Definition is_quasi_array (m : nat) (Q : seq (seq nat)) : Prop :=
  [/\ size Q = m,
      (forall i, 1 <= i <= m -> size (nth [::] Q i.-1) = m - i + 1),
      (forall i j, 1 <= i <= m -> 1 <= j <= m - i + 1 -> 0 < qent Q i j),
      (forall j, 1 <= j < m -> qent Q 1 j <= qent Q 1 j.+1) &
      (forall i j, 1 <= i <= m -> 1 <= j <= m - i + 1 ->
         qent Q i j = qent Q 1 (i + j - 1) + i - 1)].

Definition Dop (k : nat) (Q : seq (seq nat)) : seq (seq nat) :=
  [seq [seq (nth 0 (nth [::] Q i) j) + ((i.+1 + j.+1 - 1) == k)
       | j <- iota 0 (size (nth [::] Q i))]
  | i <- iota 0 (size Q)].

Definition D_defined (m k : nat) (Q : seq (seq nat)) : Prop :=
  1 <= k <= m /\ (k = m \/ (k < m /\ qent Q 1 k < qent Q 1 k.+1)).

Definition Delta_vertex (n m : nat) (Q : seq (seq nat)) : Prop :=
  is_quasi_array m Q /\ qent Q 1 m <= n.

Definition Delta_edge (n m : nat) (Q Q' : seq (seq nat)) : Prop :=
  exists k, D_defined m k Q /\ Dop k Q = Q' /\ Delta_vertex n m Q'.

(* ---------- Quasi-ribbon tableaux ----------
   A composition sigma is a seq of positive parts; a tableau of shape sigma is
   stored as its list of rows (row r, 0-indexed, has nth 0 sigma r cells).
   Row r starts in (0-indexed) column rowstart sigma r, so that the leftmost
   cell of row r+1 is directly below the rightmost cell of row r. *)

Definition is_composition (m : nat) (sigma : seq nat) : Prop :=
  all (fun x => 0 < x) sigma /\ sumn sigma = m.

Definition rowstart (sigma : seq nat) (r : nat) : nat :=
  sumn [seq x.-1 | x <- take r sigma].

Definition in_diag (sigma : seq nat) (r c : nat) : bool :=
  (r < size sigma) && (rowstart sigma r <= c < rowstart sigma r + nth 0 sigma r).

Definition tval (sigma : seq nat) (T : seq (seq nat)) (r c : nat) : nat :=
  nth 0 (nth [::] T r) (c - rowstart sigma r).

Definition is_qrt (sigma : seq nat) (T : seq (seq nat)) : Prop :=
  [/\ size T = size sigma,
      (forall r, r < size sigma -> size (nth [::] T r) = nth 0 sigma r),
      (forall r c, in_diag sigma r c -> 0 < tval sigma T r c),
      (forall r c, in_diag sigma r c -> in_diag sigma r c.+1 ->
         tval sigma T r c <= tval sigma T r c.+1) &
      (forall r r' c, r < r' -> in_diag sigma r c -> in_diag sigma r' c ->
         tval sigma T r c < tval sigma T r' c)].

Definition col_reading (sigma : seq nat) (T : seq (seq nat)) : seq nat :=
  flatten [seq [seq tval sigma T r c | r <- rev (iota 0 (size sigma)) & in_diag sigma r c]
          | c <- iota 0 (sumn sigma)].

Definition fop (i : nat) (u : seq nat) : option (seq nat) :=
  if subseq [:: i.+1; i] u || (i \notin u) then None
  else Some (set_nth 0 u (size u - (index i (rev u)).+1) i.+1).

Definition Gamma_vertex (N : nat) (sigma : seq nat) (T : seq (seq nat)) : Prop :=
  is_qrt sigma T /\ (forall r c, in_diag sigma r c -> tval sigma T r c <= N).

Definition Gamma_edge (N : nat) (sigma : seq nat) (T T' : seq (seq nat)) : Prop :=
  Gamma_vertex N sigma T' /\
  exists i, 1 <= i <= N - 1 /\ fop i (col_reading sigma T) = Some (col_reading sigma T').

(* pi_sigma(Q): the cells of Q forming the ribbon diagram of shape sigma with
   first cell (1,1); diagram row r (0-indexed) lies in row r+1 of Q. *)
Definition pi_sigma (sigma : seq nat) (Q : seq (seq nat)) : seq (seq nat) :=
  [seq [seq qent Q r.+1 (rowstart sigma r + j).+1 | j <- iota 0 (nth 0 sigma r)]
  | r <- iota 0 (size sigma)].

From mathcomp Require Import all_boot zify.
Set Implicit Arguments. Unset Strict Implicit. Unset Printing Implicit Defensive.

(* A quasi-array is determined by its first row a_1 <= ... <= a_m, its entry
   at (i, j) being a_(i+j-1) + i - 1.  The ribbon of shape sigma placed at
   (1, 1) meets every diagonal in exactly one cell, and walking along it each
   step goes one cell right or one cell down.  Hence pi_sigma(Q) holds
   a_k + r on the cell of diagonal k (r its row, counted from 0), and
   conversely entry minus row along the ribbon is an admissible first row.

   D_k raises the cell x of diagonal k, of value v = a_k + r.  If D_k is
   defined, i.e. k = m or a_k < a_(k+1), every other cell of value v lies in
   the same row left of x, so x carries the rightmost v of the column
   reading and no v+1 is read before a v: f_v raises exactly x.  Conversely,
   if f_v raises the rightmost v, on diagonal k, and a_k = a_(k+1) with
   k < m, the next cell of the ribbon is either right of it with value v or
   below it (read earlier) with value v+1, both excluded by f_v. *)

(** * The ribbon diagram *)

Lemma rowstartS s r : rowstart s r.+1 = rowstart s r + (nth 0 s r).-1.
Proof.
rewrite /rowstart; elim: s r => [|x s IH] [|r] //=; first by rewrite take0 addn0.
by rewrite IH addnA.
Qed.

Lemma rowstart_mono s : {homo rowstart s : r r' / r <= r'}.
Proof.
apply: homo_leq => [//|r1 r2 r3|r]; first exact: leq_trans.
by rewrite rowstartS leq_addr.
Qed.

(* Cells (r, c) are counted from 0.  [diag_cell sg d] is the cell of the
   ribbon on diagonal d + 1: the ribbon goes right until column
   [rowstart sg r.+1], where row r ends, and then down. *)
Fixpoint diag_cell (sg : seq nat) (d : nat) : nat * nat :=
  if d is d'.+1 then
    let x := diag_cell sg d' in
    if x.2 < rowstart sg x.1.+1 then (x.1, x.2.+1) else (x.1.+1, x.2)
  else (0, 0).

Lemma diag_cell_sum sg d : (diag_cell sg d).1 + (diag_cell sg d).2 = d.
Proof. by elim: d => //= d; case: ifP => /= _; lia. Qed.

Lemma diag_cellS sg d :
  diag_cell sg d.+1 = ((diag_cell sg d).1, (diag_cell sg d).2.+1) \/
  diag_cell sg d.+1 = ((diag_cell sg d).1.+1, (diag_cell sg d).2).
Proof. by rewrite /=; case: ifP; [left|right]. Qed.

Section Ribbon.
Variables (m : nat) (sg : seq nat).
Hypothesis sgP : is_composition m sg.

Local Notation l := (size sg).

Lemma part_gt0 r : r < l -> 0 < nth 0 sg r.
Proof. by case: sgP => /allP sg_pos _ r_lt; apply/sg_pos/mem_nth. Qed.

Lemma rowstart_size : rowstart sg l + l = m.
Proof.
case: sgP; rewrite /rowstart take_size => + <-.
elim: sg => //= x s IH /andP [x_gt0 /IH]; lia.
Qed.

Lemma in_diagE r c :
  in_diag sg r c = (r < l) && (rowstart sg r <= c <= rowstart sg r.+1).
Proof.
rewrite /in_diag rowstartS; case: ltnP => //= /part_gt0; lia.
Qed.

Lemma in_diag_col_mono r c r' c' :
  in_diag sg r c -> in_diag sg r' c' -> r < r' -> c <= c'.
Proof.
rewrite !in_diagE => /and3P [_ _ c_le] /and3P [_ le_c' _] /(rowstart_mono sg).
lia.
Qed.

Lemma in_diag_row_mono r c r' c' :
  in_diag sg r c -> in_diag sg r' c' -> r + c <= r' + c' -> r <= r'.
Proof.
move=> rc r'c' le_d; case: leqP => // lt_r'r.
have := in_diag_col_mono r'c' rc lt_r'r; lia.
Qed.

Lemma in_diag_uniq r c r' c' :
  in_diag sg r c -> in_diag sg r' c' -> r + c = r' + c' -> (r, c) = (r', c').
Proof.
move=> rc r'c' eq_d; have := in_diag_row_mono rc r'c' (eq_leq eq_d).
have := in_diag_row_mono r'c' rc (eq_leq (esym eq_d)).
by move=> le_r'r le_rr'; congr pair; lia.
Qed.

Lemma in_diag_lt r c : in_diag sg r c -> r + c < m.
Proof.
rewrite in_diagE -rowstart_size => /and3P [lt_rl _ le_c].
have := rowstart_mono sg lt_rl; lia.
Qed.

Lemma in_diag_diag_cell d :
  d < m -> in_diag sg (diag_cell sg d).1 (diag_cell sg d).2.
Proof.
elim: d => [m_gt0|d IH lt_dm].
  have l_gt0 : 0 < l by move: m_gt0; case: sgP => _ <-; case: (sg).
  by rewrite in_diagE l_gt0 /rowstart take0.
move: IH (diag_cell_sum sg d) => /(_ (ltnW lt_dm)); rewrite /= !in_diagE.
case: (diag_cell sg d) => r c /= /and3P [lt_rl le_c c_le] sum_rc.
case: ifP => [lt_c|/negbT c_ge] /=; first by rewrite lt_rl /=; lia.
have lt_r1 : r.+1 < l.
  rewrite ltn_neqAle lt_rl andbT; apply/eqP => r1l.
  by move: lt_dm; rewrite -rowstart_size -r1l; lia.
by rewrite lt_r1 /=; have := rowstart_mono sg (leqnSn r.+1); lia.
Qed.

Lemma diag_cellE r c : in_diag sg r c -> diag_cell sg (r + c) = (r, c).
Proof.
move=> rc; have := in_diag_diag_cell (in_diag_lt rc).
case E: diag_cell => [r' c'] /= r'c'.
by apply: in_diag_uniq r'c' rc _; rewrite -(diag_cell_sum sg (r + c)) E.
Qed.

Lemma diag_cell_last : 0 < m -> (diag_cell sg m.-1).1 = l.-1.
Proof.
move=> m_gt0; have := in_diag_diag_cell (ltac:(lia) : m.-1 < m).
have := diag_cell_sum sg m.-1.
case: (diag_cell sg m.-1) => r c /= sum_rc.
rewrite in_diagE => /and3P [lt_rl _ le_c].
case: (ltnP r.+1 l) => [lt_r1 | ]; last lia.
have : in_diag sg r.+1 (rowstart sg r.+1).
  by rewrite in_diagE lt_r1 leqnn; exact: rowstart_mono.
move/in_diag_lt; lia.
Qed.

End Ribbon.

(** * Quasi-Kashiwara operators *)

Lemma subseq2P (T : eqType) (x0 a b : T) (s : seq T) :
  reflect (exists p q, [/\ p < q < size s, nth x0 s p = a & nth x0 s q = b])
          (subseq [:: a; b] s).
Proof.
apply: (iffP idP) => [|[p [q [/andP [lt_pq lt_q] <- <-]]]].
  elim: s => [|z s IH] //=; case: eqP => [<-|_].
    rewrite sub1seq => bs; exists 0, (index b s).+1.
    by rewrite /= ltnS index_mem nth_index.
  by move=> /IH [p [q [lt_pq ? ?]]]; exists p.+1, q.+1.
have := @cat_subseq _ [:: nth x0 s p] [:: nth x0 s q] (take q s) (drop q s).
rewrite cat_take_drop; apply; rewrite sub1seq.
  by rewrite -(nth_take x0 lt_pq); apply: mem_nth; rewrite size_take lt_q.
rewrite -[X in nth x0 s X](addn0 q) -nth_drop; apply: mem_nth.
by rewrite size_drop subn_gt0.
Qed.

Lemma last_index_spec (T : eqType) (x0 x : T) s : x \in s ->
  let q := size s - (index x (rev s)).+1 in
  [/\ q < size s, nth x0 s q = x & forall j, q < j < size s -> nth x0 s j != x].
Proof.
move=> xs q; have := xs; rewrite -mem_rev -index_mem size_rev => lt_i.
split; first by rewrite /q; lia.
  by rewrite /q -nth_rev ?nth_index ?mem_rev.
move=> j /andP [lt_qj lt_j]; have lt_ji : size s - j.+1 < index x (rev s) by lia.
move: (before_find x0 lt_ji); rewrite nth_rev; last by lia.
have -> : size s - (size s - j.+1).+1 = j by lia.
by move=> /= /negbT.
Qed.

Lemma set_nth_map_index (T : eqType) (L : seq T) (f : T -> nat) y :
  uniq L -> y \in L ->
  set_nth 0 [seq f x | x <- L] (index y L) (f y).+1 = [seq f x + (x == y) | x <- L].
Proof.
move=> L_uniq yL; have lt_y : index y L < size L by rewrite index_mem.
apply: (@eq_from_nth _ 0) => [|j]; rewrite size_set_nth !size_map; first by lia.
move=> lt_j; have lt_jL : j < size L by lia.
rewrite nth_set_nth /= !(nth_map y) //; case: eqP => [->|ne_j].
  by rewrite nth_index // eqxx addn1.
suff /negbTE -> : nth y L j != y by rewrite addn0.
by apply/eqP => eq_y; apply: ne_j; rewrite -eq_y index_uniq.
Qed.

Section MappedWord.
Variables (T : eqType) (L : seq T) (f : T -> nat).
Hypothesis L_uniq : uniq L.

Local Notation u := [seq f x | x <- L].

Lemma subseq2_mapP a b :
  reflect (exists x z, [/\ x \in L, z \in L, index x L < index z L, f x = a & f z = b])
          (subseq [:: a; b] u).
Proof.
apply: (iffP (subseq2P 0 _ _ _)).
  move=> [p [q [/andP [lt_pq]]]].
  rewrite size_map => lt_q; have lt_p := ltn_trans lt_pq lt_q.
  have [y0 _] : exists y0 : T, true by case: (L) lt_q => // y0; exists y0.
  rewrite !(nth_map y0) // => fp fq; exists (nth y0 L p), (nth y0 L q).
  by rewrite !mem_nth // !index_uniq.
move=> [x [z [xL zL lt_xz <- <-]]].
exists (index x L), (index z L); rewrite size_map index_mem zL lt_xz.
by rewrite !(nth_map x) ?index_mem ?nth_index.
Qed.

+===+

Try it — Please give the count of lines above with "every", nothing else.

Task answer — 2